**Problem description:** Please give back only the lines below from the one containing "(\int[lebesgue_measure]_(x in A)" to the one containing "(Rintegral lebesgue_measure A (fun x => complex.Im", each repeated word for word, both ends included.
************
(* Let $\mathbf G$ be a finite oriented metric graph with Dirac operator data as in the context, let $\Lambda$ be a linear relation in the vertex space $\mathcal F$ and $\overline\Lambda=\{(\overline f,\overline{f'}):(f,f')\in\Lambda\}$ (componentwise complex conjugation). For a linear relation $\Theta$ in $\mathcal F$ let $D^{\Theta_W}$ be the restriction of $D^{max}$ to $\{\Phi\in\widetilde H^1(\mathbf G;\mathbb C^2):(W\Gamma^1\Phi,W\Gamma^2\Phi)\in\Theta\}$. Let $T:\mathscr H\to\mathscr H$ be the antilinear map $T\Phi=(\sigma_3\overline{\phi_j})_{j\in\mathcal J}$. Then $$TD^{\Lambda_W}=D^{\overline\Lambda_W}T.$$ In particular, $D^{\Lambda_W}$ and $D^{\overline\Lambda_W}$ are (antilinearly) similar.
   Context: Let $m\ge0$. A finite oriented metric graph $\mathbf G$ has a finite nonempty vertex set $\mathcal V$, finite sets $\mathcal I$ (internal) and $\mathcal E$ (external) of edges, $\mathcal J=\mathcal I\cup\mathcal E\ne\emptyset$, no loops. Each internal edge $i$ has initial vertex $\partial_-i$ and terminal vertex $\partial_+i$ and is identified with $I_i=(a_i,b_i)$, $a_i\leftrightarrow\partial_-i$, $b_i\leftrightarrow\partial_+i$. An external edge $e$ attached to a vertex is identified with $(a_e,+\infty)$ ($\rho(e)=-1$) or $(-\infty,b_e)$ ($\rho(e)=1$); $\partial e$ is the finite endpoint. $\mathscr H=\bigoplus_jL^2(I_j;\mathbb C^2)$, $\widetilde H^1(\mathbf G;\mathbb C^2)=\bigoplus_jH^1(I_j;\mathbb C^2)$, $\Phi=(\phi_j)_j$, $\phi_j=(\phi_j^1,\phi_j^2)^T$; $D^{max}$ acts edgewise by $-i\sigma_1\phi_j'+m\sigma_3\phi_j$ ($\sigma_1=\begin{pmatrix}0&1\\1&0\end{pmatrix}$, $\sigma_3=\operatorname{diag}(1,-1)$). $\mathcal G=\bigoplus_j\mathcal G_j$, $\mathcal G_i=\mathbb C^2$, $\mathcal G_e=\mathbb C$; $\Gamma^k=\bigoplus_j\Gamma^k_j$, $\Gamma^1_i\Phi=(\phi_i^1(a_i),\phi_i^1(b_i))^T$, $\Gamma^2_i\Phi=(i\phi_i^2(a_i),-i\phi_i^2(b_i))^T$, $\Gamma^1_e\Phi=\phi_e^1(\partial e)$, $\Gamma^2_e\Phi=-i\rho(e)\phi^2_e(\partial e)$. Vertex space $\mathcal F=\bigoplus_v\mathbb C^{\deg v}$. Coordinates of $\mathcal G$ and $\mathcal F$ are labelled by the pairs $(j,v)$, $v$ a vertex endpoint of $j$: in $\mathcal G$ ordered edge by edge (for internal edges the pair with the initial vertex first), in $\mathcal F$ vertex by vertex and within a vertex by the fixed edge order; $W:\mathcal G\to\mathcal F$ is the permutation matrix sending coordinate $(j,v)$ of $\mathcal G$ to coordinate $(j,v)$ of $\mathcal F$. *)

From mathcomp Require Import all_boot all_order all_algebra.
From mathcomp Require Import all_classical all_reals all_analysis.
From mathcomp Require Import complex.

Set Implicit Arguments.
Unset Strict Implicit.
Unset Printing Implicit Defensive.

Import Order.TTheory GRing.Theory Num.Theory.
Local Open Scope classical_set_scope.
Local Open Scope ring_scope.
Local Open Scope complex_scope.

Section DiracGraph.
Variable R : realType.
Local Notation C := (R[i]).

(* Graph data:
   V vertices, I internal edges, E external edges;
   src i = initial vertex, tgt i = terminal vertex of internal edge i;
   att e = vertex to which the external edge e is attached;
   internal edge i is identified with (a i, b i);
   external edge e: if rpos e (rho(e)=1) it is (-oo, pe e), otherwise
   (rho(e)=-1) it is (pe e, +oo); in both cases pe e is its finite endpoint. *)
Variables (V I E : finType) (src tgt : I -> V) (att : E -> V)
  (a b : I -> R) (pe : E -> R) (rpos : E -> bool) (m : R).

Definition edgeJ : finType := (I + E)%type.

Definition rho (e : E) : R := if rpos e then 1 else -1.

Definition edge_itv (j : edgeJ) : set R :=
  match j with
  | inl i => [set` `](a i), (b i)[]
  | inr e => if rpos e then [set` `]-oo, (pe e)[] else [set` `](pe e), +oo[]
  end.

(* their closures (where the continuous H^1 representative lives) *)
Definition edge_cl (j : edgeJ) : set R :=
  match j with
  | inl i => [set` `[(a i), (b i)]]
  | inr e => if rpos e then [set` `]-oo, (pe e)]] else [set` `[(pe e), +oo[]
  end.

Definition L2on (A : set R) (f : R -> C) : Prop :=
  measurable_fun A (fun x => complex.Re (f x)) /\
  measurable_fun A (fun x => complex.Im (f x)) /\
  (\int[lebesgue_measure]_(x in A) (((complex.Re (f x)) ^+ 2 + (complex.Im (f x)) ^+ 2)%:E)
     < +oo)%E.

Definition cint (A : set R) (g : R -> C) : C :=
  (Rintegral lebesgue_measure A (fun x => complex.Re (g x))) +i*
  (Rintegral lebesgue_measure A (fun x => complex.Im (g x))).

(* f is the continuous (absolutely continuous up to the closure Acl)
   representative of an element of H^1(A) with weak derivative g *)
Definition H1_with_deriv (A Acl : set R) (f g : R -> C) : Prop :=
  L2on A f /\ L2on A g /\
  (forall x y, Acl x -> Acl y -> y <= x -> f x - f y = cint [set` `[y, x]] g).

(* coordinates of the vertex space F: pairs (j, v), v a vertex endpoint of j *)
Definition is_end (j : edgeJ) (v : V) : bool :=
  match j with
  | inl i => (v == src i) || (v == tgt i)
  | inr e => v == att e
  end.

Definition Fcoord : finType := {p : (edgeJ * V)%type | is_end p.1 p.2}.

(* vectors in F (= \oplus_v C^{deg v}), indexed by their coordinates *)
Definition Fvec := Fcoord -> C.

Definition gfun := edgeJ -> R -> C * C.

Definition WGamma1 (Phi : gfun) : Fvec := fun p =>
  let: (j, v) := val p in
  match j with
  | inl i => if v == src i then (Phi (inl i) (a i)).1 else (Phi (inl i) (b i)).1
  | inr e => (Phi (inr e) (pe e)).1
  end.

Definition WGamma2 (Phi : gfun) : Fvec := fun p =>
  let: (j, v) := val p in
  match j with
  | inl i => if v == src i then 'i * (Phi (inl i) (a i)).2
             else - 'i * (Phi (inl i) (b i)).2
  | inr e => - 'i * (rho e)%:C * (Phi (inr e) (pe e)).2
  end.

(* the Dirac expression  -i sigma_1 phi' + m sigma_3 phi *)
Definition dirac_expr (phi dphi : C * C) : C * C :=
  (- 'i * dphi.2 + m%:C * phi.1, - 'i * dphi.1 - m%:C * phi.2).

(* Graph of the operator D^{Theta_W}, on representatives of L^2 classes:
   Dgraph Theta Phi Psi  <->  Phi (an L^2 class) lies in the domain of
   D^{Theta_W} and Psi = D^{Theta_W} Phi in L^2. *)
Definition Dgraph (Theta : set (Fvec * Fvec)) (Phi Psi : gfun) : Prop :=
  exists Phi0 dPhi0 : gfun,
    (forall j, {ae lebesgue_measure, forall x,
                 edge_itv j x -> Phi0 j x = Phi j x}) /\
    (forall j, H1_with_deriv (edge_itv j) (edge_cl j)
                 (fun x => (Phi0 j x).1) (fun x => (dPhi0 j x).1) /\
               H1_with_deriv (edge_itv j) (edge_cl j)
                 (fun x => (Phi0 j x).2) (fun x => (dPhi0 j x).2)) /\
    Theta (WGamma1 Phi0, WGamma2 Phi0) /\
    (forall j, {ae lebesgue_measure, forall x,
                 edge_itv j x -> Psi j x = dirac_expr (Phi0 j x) (dPhi0 j x)}).

(* equality in the Hilbert space: a.e. on every edge *)
Definition L2eq (Phi Psi : gfun) : Prop :=
  forall j, {ae lebesgue_measure, forall x, edge_itv j x -> Phi j x = Psi j x}.

End DiracGraph.

Definition Tmap (R : realType) (J : Type) (Phi : J -> R -> R[i] * R[i]) :
  J -> R -> R[i] * R[i] :=
  fun j x => (((Phi j x).1)^*, - ((Phi j x).2)^*)%C.

Definition conj_rel (R : realType) (K : Type) (L : set ((K -> R[i]) * (K -> R[i])))
  : set ((K -> R[i]) * (K -> R[i])) :=
  (fun p => (fun k => ((p.1 k)^*)%C, fun k => ((p.2 k)^*)%C)) @` L.

Definition linear_relation (R : realType) (K : Type)
  (L : set ((K -> R[i]) * (K -> R[i]))) : Prop :=
  L (fun _ => 0, fun _ => 0) /\
  (forall p q, L p -> L q ->
     L (fun k => p.1 k + q.1 k, fun k => p.2 k + q.2 k)) /\
  (forall (c : R[i]) p, L p -> L (fun k => c * p.1 k, fun k => c * p.2 k)).

From mathcomp Require Import all_boot all_order all_algebra.
From mathcomp Require Import all_classical all_reals all_analysis.
From mathcomp Require Import complex ring measurable_realfun.
Import Order.TTheory GRing.Theory Num.Theory.
Local Open Scope classical_set_scope.
Local Open Scope ring_scope.
Local Open Scope complex_scope.

(* Conjugation
   commutes with the Lebesgue integral, so it maps H^1 functions to H^1
   functions, conjugating their weak derivatives.  At the vertices,
   W Gamma^1 (T Phi) and W Gamma^2 (T Phi) are the conjugates of
   W Gamma^1 Phi and W Gamma^2 Phi, because the sign that sigma_3 puts on
   phi^2 is exactly the sign conjugation puts on the factor i in Gamma^2.
   Since sigma_3 anticommutes with sigma_1 and conjugation turns -i into i,
   the Dirac expression commutes with T pointwise.  So T maps the graph of
   D^{Lambda_W} into that of D^{conj Lambda_W}; T is an involution, which
   gives the reverse inclusion. *)

Section ComplexParts.
Variable K : pzRingType.

Lemma Re_conjc (z : K[i]) : complex.Re z^* = complex.Re z. Proof. by case: z. Qed.
Lemma Im_conjc (z : K[i]) : complex.Im z^* = - complex.Im z. Proof. by case: z. Qed.
Lemma Re_oppc (z : K[i]) : complex.Re (- z) = - complex.Re z. Proof. by case: z. Qed.
Lemma Im_oppc (z : K[i]) : complex.Im (- z) = - complex.Im z. Proof. by case: z. Qed.

Lemma complex_ext (x y : K[i]) :
  complex.Re x = complex.Re y -> complex.Im x = complex.Im y -> x = y.
Proof. by case: x => ? ?; case: y => ? ? /= -> ->. Qed.

End ComplexParts.

Lemma conjcM_imaginary (K : rcfType) (c z : K[i]) :
  complex.Re c = 0 -> (c * z)^* = c * - z^*.
Proof.
by case: c z => [? ?] [? ?] /= c0; apply: complex_ext => /=; rewrite c0; ring.
Qed.

(* No integrability is needed: [fine] sends every infinite value to 0. *)
Lemma RintegralN d (T : measurableType d) (R : realType)
    (mu : {measure set T -> \bar R}) (D : set T) (h : T -> R) :
  \int[mu]_(x in D) - h x = - \int[mu]_(x in D) h x.
Proof.
rewrite /Rintegral; under eq_integral do rewrite EFinN.
rewrite [X in fine X]integralE [X in - fine X]integralE.
rewrite (funeposN (EFin \o h)) (funenegN (EFin \o h)).
have := integral_ge0 mu (D := D) (fun x _ => funepos_ge0 (EFin \o h) x).
have := integral_ge0 mu (D := D) (fun x _ => funeneg_ge0 (EFin \o h) x).
case: (integral _ _ _) => [p| |]; case: (integral _ _ _) => [n| |] //= _ _;
  by rewrite ?opprB ?oppr0.
Qed.

Section ComplexIntegration.
Variable R : realType.
Implicit Types (A : set R) (f g : R -> R[i]).

Lemma L2on_conj A f : L2on A f -> L2on A (fun x => (f x)^*).
Proof.
case=> mRe [mIm fin]; split; first by under eq_fun do rewrite Re_conjc.
split; first by under eq_fun do rewrite Im_conjc; exact: measurable_funN.
by under eq_integral do rewrite Re_conjc Im_conjc sqrrN.
Qed.

Lemma L2on_opp A f : L2on A f -> L2on A (fun x => - f x).
Proof.
case=> mRe [mIm fin].
split; first by under eq_fun do rewrite Re_oppc; exact: measurable_funN.
split; first by under eq_fun do rewrite Im_oppc; exact: measurable_funN.
by under eq_integral do rewrite Re_oppc Im_oppc !sqrrN.
Qed.

Lemma cint_conj A g : cint A (fun x => (g x)^*) = (cint A g)^*.
Proof.
rewrite /cint /conjc -RintegralN.
by congr (_ +i* _); apply: eq_Rintegral => x _; rewrite (Re_conjc, Im_conjc).
Qed.

Lemma cint_opp A g : cint A (fun x => - g x) = - cint A g.
Proof.
rewrite /cint -[- (_ +i* _)]/(_ +i* _) -!RintegralN.
by congr (_ +i* _); apply: eq_Rintegral => x _; rewrite (Re_oppc, Im_oppc).
Qed.

Lemma H1_with_deriv_conj A (Acl : set R) f g :
  H1_with_deriv A Acl f g ->
  H1_with_deriv A Acl (fun x => (f x)^*) (fun x => (g x)^*).
Proof.
case=> Lf [Lg ftc]; split; first exact: L2on_conj.
split; first exact: L2on_conj.
by move=> x y Ax Ay yx; rewrite cint_conj -ftc // rmorphB.
Qed.

Lemma H1_with_deriv_opp A (Acl : set R) f g :
  H1_with_deriv A Acl f g ->
  H1_with_deriv A Acl (fun x => - f x) (fun x => - g x).
Proof.
case=> Lf [Lg ftc]; split; first exact: L2on_opp.
split; first exact: L2on_opp.
by move=> x y Ax Ay yx; rewrite cint_opp -ftc // opprD.
Qed.

End ComplexIntegration.

Lemma conj_relK (R : realType) (K : Type) (L : set ((K -> R[i]) * (K -> R[i]))) :
  conj_rel (conj_rel L) = L.
Proof.
rewrite /conj_rel image_comp -[RHS]image_id; apply: eq_imagel => -[p q] _ /=.
by congr pair; apply: funext => k; rewrite conjcK.
Qed.

Definition sigma3_conj {K : rcfType} (p : K[i] * K[i]) : K[i] * K[i] :=
  (p.1^*, - p.2^*).

Lemma sigma3_conjK (K : rcfType) : involutive (@sigma3_conj K).
Proof. by case=> -[? ?] [? ?]; congr pair; apply: complex_ext => /=; ring. Qed.

Lemma TmapK (R : realType) (J : Type) : involutive (@Tmap R J).
Proof. by move=> Phi; apply: funext => j; apply: funext => x; exact: sigma3_conjK. Qed.

Lemma dirac_expr_sigma3_conj (R : realType) (m : R) (phi dphi : R[i] * R[i]) :
  dirac_expr m (sigma3_conj phi) (sigma3_conj dphi) =
  sigma3_conj (dirac_expr m phi dphi).
Proof.
case: phi dphi => -[? ?] [? ?] [[? ?] [? ?]].
by congr pair; apply: complex_ext => /=; ring.
Qed.

Section ConjugationSymmetry.
Variables (R : realType) (V I E : finType) (src tgt : I -> V) (att : E -> V)
  (a b : I -> R) (pe : E -> R) (rpos : E -> bool) (m : R).

Local Notation Gamma1 := (WGamma1 (src := src) (tgt := tgt) (att := att) a b pe).
Local Notation Gamma2 := (WGamma2 (src := src) (tgt := tgt) (att := att) a b pe rpos).
Local Notation Dgraph := (Dgraph a b pe rpos m).
Local Notation L2eq := (L2eq a b pe rpos).

(* The library's [Hint Extern] for ae filters does not fire on [lebesgue_measure]. *)
#[local] Instance lebesgue_ae_filter :
  Filter (almost_everywhere (@lebesgue_measure R)) := ae_filter_ringOfSetsType _.

Local Notation vertex_relation :=
  (set ((Fcoord src tgt att -> R[i]) * (Fcoord src tgt att -> R[i]))).

Lemma WGamma1_Tmap (Phi : gfun R I E) : Gamma1 (Tmap Phi) = fun k => (Gamma1 Phi k)^*.
Proof. by apply: funext => -[[[i|e] v] hp]; rewrite /WGamma1 /=; [case: ifP|]. Qed.

Lemma WGamma2_Tmap (Phi : gfun R I E) : Gamma2 (Tmap Phi) = fun k => (Gamma2 Phi k)^*.
Proof.
apply: funext => -[[[i|e] v] hp]; rewrite /WGamma2 /=; [case: ifP => _|];
  by rewrite conjcM_imaginary //=; ring.
Qed.

Lemma Dgraph_Tmap (Theta : vertex_relation) (Phi Psi : gfun R I E) :
  Dgraph Theta Phi Psi -> Dgraph (conj_rel Theta) (Tmap Phi) (Tmap Psi).
Proof.
case=> Phi0 [dPhi0 [Phi0E [H1Phi0 [bcPhi0 Psi0E]]]].
exists (Tmap Phi0), (Tmap dPhi0); split; [|split; [|split]].
- by move=> j; near=> x => Ix; rewrite /Tmap (near (Phi0E j)).
- move=> j; have [H1_1 H1_2] := H1Phi0 j.
  by split; [exact: H1_with_deriv_conj | exact/H1_with_deriv_opp/H1_with_deriv_conj].
- by rewrite WGamma1_Tmap WGamma2_Tmap; exists (Gamma1 Phi0, Gamma2 Phi0).
- move=> j; near=> x => Ix.
  rewrite -[Tmap Psi j x]/(sigma3_conj (Psi j x)) (near (Psi0E j)) //.
  exact/esym/dirac_expr_sigma3_conj.
Unshelve. all: by end_near.
Qed.

Lemma Dgraph_L2eq (Theta : vertex_relation) (Phi Psi Psi' : gfun R I E) :
  Dgraph Theta Phi Psi -> L2eq Psi' Psi -> Dgraph Theta Phi Psi'.
Proof.
case=> Phi0 [dPhi0 [? [? [? Psi0E]]]] eqPsi.
exists Phi0, dPhi0; do 3 split=> //.
by move=> j; near=> x => Ix; rewrite (near (eqPsi j)) ?(near (Psi0E j)).
Unshelve. all: by end_near.
Qed.

End ConjugationSymmetry.

Theorem theorem4p14 (R : realType) (V I E : finType)
  (src tgt : I -> V) (att : E -> V) (a b : I -> R) (pe : E -> R)
  (rpos : E -> bool) (m : R)
  (hV : (0 < #|V|)%N) (hJ : (0 < #|I| + #|E|)%N)
  (hnoloop : forall i, src i != tgt i)
  (hab : forall i, a i < b i) (hm : 0 <= m)
  (Lambda : set ((Fcoord src tgt att -> R[i]) * (Fcoord src tgt att -> R[i])))
  (hLambda : linear_relation Lambda) :
  forall Phi Chi : gfun R I E,
    (exists Psi : gfun R I E,
        Dgraph a b pe rpos m Lambda Phi Psi /\
        L2eq a b pe rpos Chi (Tmap Psi))
    <->
    Dgraph a b pe rpos m (conj_rel Lambda) (Tmap Phi) Chi.
Proof.
move=> Phi Chi; split.
  by case=> Psi [DPsi eqChi]; apply: Dgraph_L2eq eqChi; exact: Dgraph_Tmap.
move=> DChi; exists (Tmap Chi); split.
  by rewrite -[Phi]TmapK -[Lambda]conj_relK; exact: Dgraph_Tmap.
by rewrite TmapK => j; apply: aeW.
Qed.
************
**Answer box:**
  (\int[lebesgue_measure]_(x in A) (((complex.Re (f x)) ^+ 2 + (complex.Im (f x)) ^+ 2)%:E)
     < +oo)%E.

Definition cint (A : set R) (g : R -> C) : C :=
  (Rintegral lebesgue_measure A (fun x => complex.Re (g x))) +i*
  (Rintegral lebesgue_measure A (fun x => complex.Im (g x))).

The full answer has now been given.